*** Opening Material provided ***

(* Let $n\ge1$, let $\mathbf u(z)\in\mathbb R^n$ be a column vector function, let $A$ be a constant real skew-symmetric $n\times n$ matrix, and let $\nu\ne0$ be a constant. Define block matrices of block size $(1,n)\times(1,n)$ \[ {\cal B}_0=\begin{pmatrix} 1-\nu & 0\\ 0 & I_n \end{pmatrix},\quad {\cal B}_1=\begin{pmatrix} 0 & \mathbf u^T\\ \mathbf u & 0 \end{pmatrix},\quad {\cal B}_2=\begin{pmatrix} (\mathbf u,\mathbf u) & -(\mathbf u')^T\\ \mathbf u' & -\mathbf u\mathbf u^T \end{pmatrix}, \] \[ {\cal B}_3=\begin{pmatrix} 0 & 2(\mathbf u,\mathbf u)\mathbf u^T\\ 2(\mathbf u,\mathbf u)\mathbf u & \mathbf u'\mathbf u^T-\mathbf u(\mathbf u')^T \end{pmatrix},\quad {\cal A}_0=\begin{pmatrix} 0 & 0\\ 0 & A \end{pmatrix}, \] and \[ {\cal A}=-\nu^2\zeta(\zeta{\cal B}_0+{\cal B}_1)+z{\cal B}_0-\nu{\cal B}_2-\zeta^{-1}({\cal B}''_1-z{\cal B}_1-{\cal B}_3-{\cal A}_0),\qquad {\cal B}=\zeta{\cal B}_0+{\cal B}_1. \] Then the equation \[ \mathbf u'''= 3(\mathbf u,\mathbf u)\mathbf u'+3(\mathbf u,\mathbf u')\mathbf u+z\mathbf u'+\mathbf u+A\mathbf u \] admits the isomonodromic Lax representation ${\cal A}'={\cal B}_\zeta+[{\cal B},{\cal A}]$.
   Context: Primes denote derivatives with respect to $z$; $\zeta$ is a spectral parameter independent of $z$; $(\cdot,\cdot)$ is the standard scalar product; $I_n$ the identity matrix. ''Admits the Lax representation'' means the matrix equation holds identically in $\zeta$ by virtue of the equation. *)

From HB Require Import structures.
From mathcomp Require Import all_boot all_order all_algebra.
From mathcomp Require Import all_classical all_reals all_analysis.
Set Implicit Arguments. Unset Strict Implicit. Unset Printing Implicit Defensive.
Import Order.TTheory GRing.Theory Num.Theory.
Local Open Scope ring_scope.

Section LaxDefs.
Variables (R : realType) (n : nat).

Definition dotp (v w : 'cV[R]_n) : R := (v^T *m w) 0 0.

Definition calB0 (nu : R) : 'M[R]_(1 + n) :=
  block_mx (1 - nu)%:M 0 0 1%:M.
Definition calB1 (v : 'cV[R]_n) : 'M[R]_(1 + n) :=
  block_mx 0 v^T v 0.
Definition calB2 (v v' : 'cV[R]_n) : 'M[R]_(1 + n) :=
  block_mx (dotp v v)%:M (- v'^T) v' (- (v *m v^T)).
Definition calB3 (v v' : 'cV[R]_n) : 'M[R]_(1 + n) :=
  block_mx 0 ((2 * dotp v v) *: v^T) ((2 * dotp v v) *: v)
           (v' *m v^T - v *m v'^T).
Definition calA0 (A : 'M[R]_n) : 'M[R]_(1 + n) := block_mx 0 0 0 A.

Definition calB (nu : R) (u : R -> 'cV[R]_n) (zeta z : R) : 'M[R]_(1 + n) :=
  zeta *: calB0 nu + calB1 (u z).

Definition calA (nu : R) (A : 'M[R]_n) (u : R -> 'cV[R]_n) (zeta z : R)
  : 'M[R]_(1 + n) :=
  - (nu ^+ 2 * zeta) *: (zeta *: calB0 nu + calB1 (u z))
  + z *: calB0 nu
  - nu *: calB2 (u z) (derive1 u z)
  - zeta^-1 *: (derive1 (derive1 (fun t => calB1 (u t))) z
                - z *: calB1 (u z) - calB3 (u z) (derive1 u z) - calA0 A).

End LaxDefs.

From HB Require Import structures.
From mathcomp Require Import all_boot all_order all_algebra.
From mathcomp Require Import all_classical all_reals all_analysis.
From mathcomp Require Import ring.
Import Order.TTheory GRing.Theory Num.Theory numFieldNormedType.Exports.
Local Open Scope ring_scope.
Set Implicit Arguments. Unset Strict Implicit. Unset Printing Implicit Defensive.

(* The Lax equation is an identity between Laurent polynomials in zeta.  As
   B = zeta B0 + B1 commutes with itself, [B, A] only involves the part
   z B0 - nu B2 - zeta^-1 C of A, where C = B1'' - z B1 - B3 - A0, and
   comparing the coefficients of zeta, 1 and zeta^-1 leaves three identities:
   [B0, B2] = nu B1', then -nu B2' = z [B1, B0] - nu [B1, B2] - [B0, C], which
   holds for every curve u, and finally C' = [B1, C].  Only the last one uses
   the equation: its lower-left block is the formula for u''', and its
   upper-right block is the transpose of that formula, which is where
   A^T = -A enters. *)

Section matrix_derive.
Context {R : realFieldType} {V : normedModType R}.
Variables (x v : V).

Lemma is_derive_mx m k (M : V -> 'M[R]_(m, k)) (dM : 'M[R]_(m, k)) :
  (forall i j, is_derive x v (fun y => M y i j) (dM i j)) -> is_derive x v M dM.
Proof.
move=> dMij; have dvM : derivable M x v by apply/derivable_mxP => i j; case: (dMij i j).
apply: DeriveDef => //; rewrite derive_mx //; apply/matrixP => i j.
by rewrite mxE derive_val.
Qed.

Lemma is_derive_mx_coef m k (M : V -> 'M[R]_(m, k)) (dM : 'M[R]_(m, k)) i j :
  is_derive x v M dM -> is_derive x v (fun y => M y i j) (dM i j).
Proof.
case=> dvM dMval; have dvMij := (derivable_mxP M x v).1 dvM i j.
by apply: DeriveDef => //; rewrite -dMval derive_mx // mxE.
Qed.

Lemma is_derive_mulmx m k p (F : V -> 'M[R]_(m, k)) (G : V -> 'M[R]_(k, p)) dF dG :
  is_derive x v F dF -> is_derive x v G dG ->
  is_derive x v (fun y => F y *m G y) (dF *m G x + F x *m dG).
Proof.
move=> dvF dvG; apply: is_derive_mx => i j.
have -> : (fun y => (F y *m G y) i j) =
    \sum_(l < k) ((fun y => F y i l) * (fun y => G y l j)).
  by apply/funext => y; rewrite mxE fct_sumE.
apply: is_derive_eq.
  by apply: is_derive_sum => l; apply: is_deriveM; exact: is_derive_mx_coef.
rewrite !mxE -big_split; apply: eq_bigr => l _.
by rewrite /GRing.scale /= addrC mulrC [G x _ _ * _]mulrC.
Qed.

Lemma is_derive_trmx m k (F : V -> 'M[R]_(m, k)) dF :
  is_derive x v F dF -> is_derive x v (fun y => (F y)^T) dF^T.
Proof.
move=> dvF; apply: is_derive_mx => i j; rewrite mxE.
have -> : (fun y => (F y)^T i j) = fun y => F y j i by apply/funext => y; rewrite mxE.
exact: is_derive_mx_coef.
Qed.

Lemma is_derive_scalemx m k (c : V -> R) (F : V -> 'M[R]_(m, k)) dc dF :
  is_derive x v c dc -> is_derive x v F dF ->
  is_derive x v (fun y => c y *: F y) (dc *: F x + c x *: dF).
Proof.
move=> dvc dvF; apply: is_derive_mx => i j.
have -> : (fun y => (c y *: F y) i j) = c * (fun y => F y i j).
  by apply/funext => y; rewrite mxE.
apply: is_derive_eq; first by apply: is_deriveM => //; exact: is_derive_mx_coef.
by rewrite !mxE addrC; congr (_ + _); exact: mulrC.
Qed.

Lemma is_derive_scalar_mx k (c : V -> R) dc :
  is_derive x v c dc -> is_derive x v (fun y => (c y)%:M : 'M[R]_k) dc%:M.
Proof.
move=> dvc; have -> : (fun y => (c y)%:M) = fun y => c y *: (1%:M : 'M[R]_k).
  by apply/funext => y; rewrite scalemx1.
apply: is_derive_eq; first by apply: is_derive_scalemx => //; exact: is_derive_cst.
by rewrite scaler0 addr0 scalemx1.
Qed.

Lemma is_derive_block_mx m1 m2 k1 k2 (Ful : V -> 'M[R]_(m1, k1))
    (Fur : V -> 'M[R]_(m1, k2)) (Fdl : V -> 'M[R]_(m2, k1)) (Fdr : V -> 'M[R]_(m2, k2))
    dFul dFur dFdl dFdr :
  is_derive x v Ful dFul -> is_derive x v Fur dFur ->
  is_derive x v Fdl dFdl -> is_derive x v Fdr dFdr ->
  is_derive x v (fun y => block_mx (Ful y) (Fur y) (Fdl y) (Fdr y))
    (block_mx dFul dFur dFdl dFdr).
Proof.
move=> dvul dvur dvdl dvdr; apply: is_derive_mx => i j.
rewrite -[i]fintype.splitK -[j]fintype.splitK.
case: (fintype.split i) => a; case: (fintype.split j) => b /=.
all: under eq_fun do rewrite ?block_mxEul ?block_mxEur ?block_mxEdl ?block_mxEdr.
all: rewrite ?block_mxEul ?block_mxEur ?block_mxEdl ?block_mxEdr.
all: exact: is_derive_mx_coef.
Qed.

End matrix_derive.

Lemma is_derive_derive1 {R : realFieldType} {W : normedModType R} (f : R -> W) t :
  derivable f t 1 -> is_derive t 1 f (derive1 f t).
Proof. by move=> /derivableP; rewrite derive1E. Qed.

Section lie_mx.
Variables (K : fieldType) (m : nat).
Implicit Types X Y Z : 'M[K]_m.

Definition lie_mx X Y := X *m Y - Y *m X.

Lemma lie_mxx X : lie_mx X X = 0.
Proof. exact: subrr. Qed.

Lemma lie_mxC X Y : lie_mx X Y = - lie_mx Y X.
Proof. by rewrite /lie_mx opprB. Qed.

Lemma lie_mxDl X Y Z : lie_mx (X + Y) Z = lie_mx X Z + lie_mx Y Z.
Proof. by rewrite /lie_mx mulmxDl mulmxDr addrACA opprD. Qed.

Lemma lie_mxDr X Y Z : lie_mx X (Y + Z) = lie_mx X Y + lie_mx X Z.
Proof. by rewrite lie_mxC lie_mxDl opprD -!lie_mxC. Qed.

Lemma lie_mxNr X Y : lie_mx X (- Y) = - lie_mx X Y.
Proof. by rewrite /lie_mx mulmxN mulNmx opprB opprK addrC. Qed.

Lemma lie_mxBr X Y Z : lie_mx X (Y - Z) = lie_mx X Y - lie_mx X Z.
Proof. by rewrite lie_mxDr lie_mxNr. Qed.

Lemma lie_mxZl a X Y : lie_mx (a *: X) Y = a *: lie_mx X Y.
Proof. by rewrite /lie_mx -scalemxAl -scalemxAr scalerBr. Qed.

Lemma lie_mxZr a X Y : lie_mx X (a *: Y) = a *: lie_mx X Y.
Proof. by rewrite lie_mxC lie_mxZl -scalerN -lie_mxC. Qed.

Lemma lax_split (nu zeta z : K) B0 B1 B2 C dB1 dB2 dC :
  zeta != 0 ->
  lie_mx B0 B2 = nu *: dB1 ->
  - nu *: dB2 = z *: lie_mx B1 B0 - nu *: lie_mx B1 B2 - lie_mx B0 C ->
  dC = lie_mx B1 C ->
  - (nu ^+ 2 * zeta) *: dB1 + B0 - nu *: dB2 - zeta^-1 *: dC =
  B0 + lie_mx (zeta *: B0 + B1)
    (- (nu ^+ 2 * zeta) *: (zeta *: B0 + B1) + z *: B0 - nu *: B2 - zeta^-1 *: C).
Proof.
move=> zeta0 coef1 coef0 coefN1.
rewrite !(lie_mxBr, lie_mxDr) !lie_mxZr lie_mxx scaler0 add0r.
rewrite !lie_mxDl !lie_mxZl lie_mxx scaler0 add0r coef1 -coefN1 -scaleNr coef0.
move: (lie_mx B1 B0) (lie_mx B1 B2) (lie_mx B0 C) => L10 L12 L0C.
rewrite !scalerDr !scalerA mulVf // scale1r [nu * zeta * nu]mulrAC -expr2.
rewrite !opprD !addrA; congr (_ - _ - _ - _).
by rewrite scaleNr [RHS]addrC addrA.
Qed.
End lie_mx.

Section lax_pair.
Variables (R : realType) (n : nat).

Lemma dotpC (U U1 : 'cV[R]_n) : dotp U U1 = dotp U1 U.
Proof. by rewrite /dotp -[U in RHS]trmxK -trmx_mul [RHS]mxE. Qed.

Lemma trmx_mulmx_dotp (U U1 : 'cV[R]_n) : U^T *m U1 = (dotp U U1)%:M.
Proof. by apply/matrixP => i j; rewrite (ord1 i) (ord1 j) [RHS]mxE eqxx mulr1n. Qed.

Lemma mulmx_trmxA (U U1 U2 : 'cV[R]_n) : U *m U1^T *m U2 = dotp U1 U2 *: U.
Proof. by rewrite -mulmxA trmx_mulmx_dotp mul_mx_scalar. Qed.

Ltac mx_normalize :=
  rewrite ?(mul0mx, mulmx0, mulmxN, mulNmx, mulmxDl, mulmxDr, mulmxBl, mulmxBr,
            scalerN, scaleNr);
  rewrite -?scalemxAl -?scalemxAr ?mulmxA ?mulmx_trmxA ?trmx_mulmx_dotp;
  rewrite ?(mul_scalar_mx, mul_mx_scalar, scalerN, scaleNr, scaler0, scalerA).

Ltac mx_ring :=
  apply/matrixP; let i := fresh "i" in let j := fresh "j" in
  move=> i j; rewrite ?(ord1 i) ?(ord1 j) !mxE ?big_ord1 ?mxE ?eqxx /=; ring.

(* The coefficient of [- zeta^-1] in [calA]. *)
Definition calC A (z : R) (U U1 U2 : 'cV[R]_n) : 'M[R]_(1 + n) :=
  calB1 U2 - z *: calB1 U - calB3 U U1 - calA0 A.

Definition dcalB2 (U U1 U2 : 'cV[R]_n) : 'M[R]_(1 + n) :=
  block_mx (2 * dotp U U1)%:M (- U2^T) U2 (- (U1 *m U^T + U *m U1^T)).

Definition dcalB3 (U U1 U2 : 'cV[R]_n) : 'M[R]_(1 + n) :=
  block_mx 0 ((4 * dotp U U1) *: U^T + (2 * dotp U U) *: U1^T)
    ((4 * dotp U U1) *: U + (2 * dotp U U) *: U1) (U2 *m U^T - U *m U2^T).

Section derive_along.
Context {V : normedModType R}.
Variables (x v : V).

Lemma is_derive_dotp (f g : V -> 'cV[R]_n) df dg :
  is_derive x v f df -> is_derive x v g dg ->
  is_derive x v (fun y => dotp (f y) (g y)) (dotp df (g x) + dotp (f x) dg).
Proof.
move=> dvf dvg; apply: is_derive_eq.
  exact: (is_derive_mx_coef 0 0 (is_derive_mulmx (is_derive_trmx dvf) dvg)).
by rewrite mxE.
Qed.

Lemma is_derive_calB1 (f : V -> 'cV[R]_n) df :
  is_derive x v f df -> is_derive x v (fun y => calB1 (f y)) (calB1 df).
Proof. by move=> dvf; apply: is_derive_block_mx; exact: is_derive_trmx. Qed.

Lemma is_derive_calB2 (f g : V -> 'cV[R]_n) dg :
  is_derive x v f (g x) -> is_derive x v g dg ->
  is_derive x v (fun y => calB2 (f y) (g y)) (dcalB2 (f x) (g x) dg).
Proof.
move=> dvf dvg; apply: is_derive_eq.
  apply: is_derive_block_mx.
  - by apply: is_derive_scalar_mx; exact: is_derive_dotp.
  - by apply: is_deriveN; exact: is_derive_trmx.
  - by apply: is_deriveN; apply: is_derive_mulmx => //; exact: is_derive_trmx.
by rewrite /dcalB2 [dotp (g x) _]dotpC mulr_natl mulr2n.
Qed.

Lemma is_derive_calB3 (f g : V -> 'cV[R]_n) dg :
  is_derive x v f (g x) -> is_derive x v g dg ->
  is_derive x v (fun y => calB3 (f y) (g y)) (dcalB3 (f x) (g x) dg).
Proof.
move=> dvf dvg.
have dv2ff : is_derive x v (fun y => 2 * dotp (f y) (f y)) (4 * dotp (f x) (g x)).
  apply: is_derive_eq; first by apply: is_deriveZ; exact: is_derive_dotp.
  by rewrite [dotp (g x) _]dotpC /GRing.scale /=; ring.
apply: is_derive_eq.
  apply: is_derive_block_mx.
  - by apply: is_derive_scalemx => //; exact: is_derive_trmx.
  - exact: is_derive_scalemx.
  - by apply: is_deriveB; apply: is_derive_mulmx => //; exact: is_derive_trmx.
by rewrite /dcalB3 opprD addrA addrK.
Qed.

End derive_along.

Lemma derive1_calB1 (f : R -> 'cV[R]_n) :
  (forall t, derivable f t 1) ->
  derive1 (fun t => calB1 (f t)) = fun t => calB1 (derive1 f t).
Proof.
move=> dvf; apply/funext => t.
by rewrite !derive1E (derive_val (is_derive := is_derive_calB1 (derivableP (dvf t)))).
Qed.

Lemma is_derive_calA nu A (u : R -> 'cV[R]_n) zeta z :
  (forall t, derivable u t 1) -> (forall t, derivable (derive1 u) t 1) ->
  derivable (derive1 (derive1 u)) z 1 ->
  is_derive z 1 (calA nu A u zeta)
    (- (nu ^+ 2 * zeta) *: calB1 (derive1 u z) + calB0 n nu
     - nu *: dcalB2 (u z) (derive1 u z) (derive1 (derive1 u) z)
     - zeta^-1 *: (calB1 (derive1 (derive1 (derive1 u)) z) - calB1 (u z)
                   - z *: calB1 (derive1 u z)
                   - dcalB3 (u z) (derive1 u z) (derive1 (derive1 u) z))).
Proof.
move=> hu1 hu2 hu3.
have du := is_derive_derive1 (hu1 z).
have du1 := is_derive_derive1 (hu2 z).
have du2 := is_derive_derive1 hu3.
rewrite /calA (derive1_calB1 hu1) (derive1_calB1 hu2).
apply: is_derive_eq.
  apply: is_deriveB; last first.
    apply: is_deriveZ; apply: is_deriveB => //; apply: is_deriveB.
      apply: is_deriveB; first exact: is_derive_calB1.
      by apply: is_derive_scalemx; exact: is_derive_calB1.
    exact: is_derive_calB3.
  apply: is_deriveB; last by apply: is_deriveZ; exact: is_derive_calB2.
  apply: is_deriveD; last by apply: is_derive_scalemx; exact: is_derive_id.
  by apply: is_deriveZ; apply: is_deriveD => //; exact: is_derive_calB1.
by rewrite !(scaler0, add0r, addr0, subr0, scale1r) opprD addrA.
Qed.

*** Closing Material provided ***

Task details:
Looking only at the listing, say how many lines include "mulmxN"; reply with the number alone.

Your solution:
2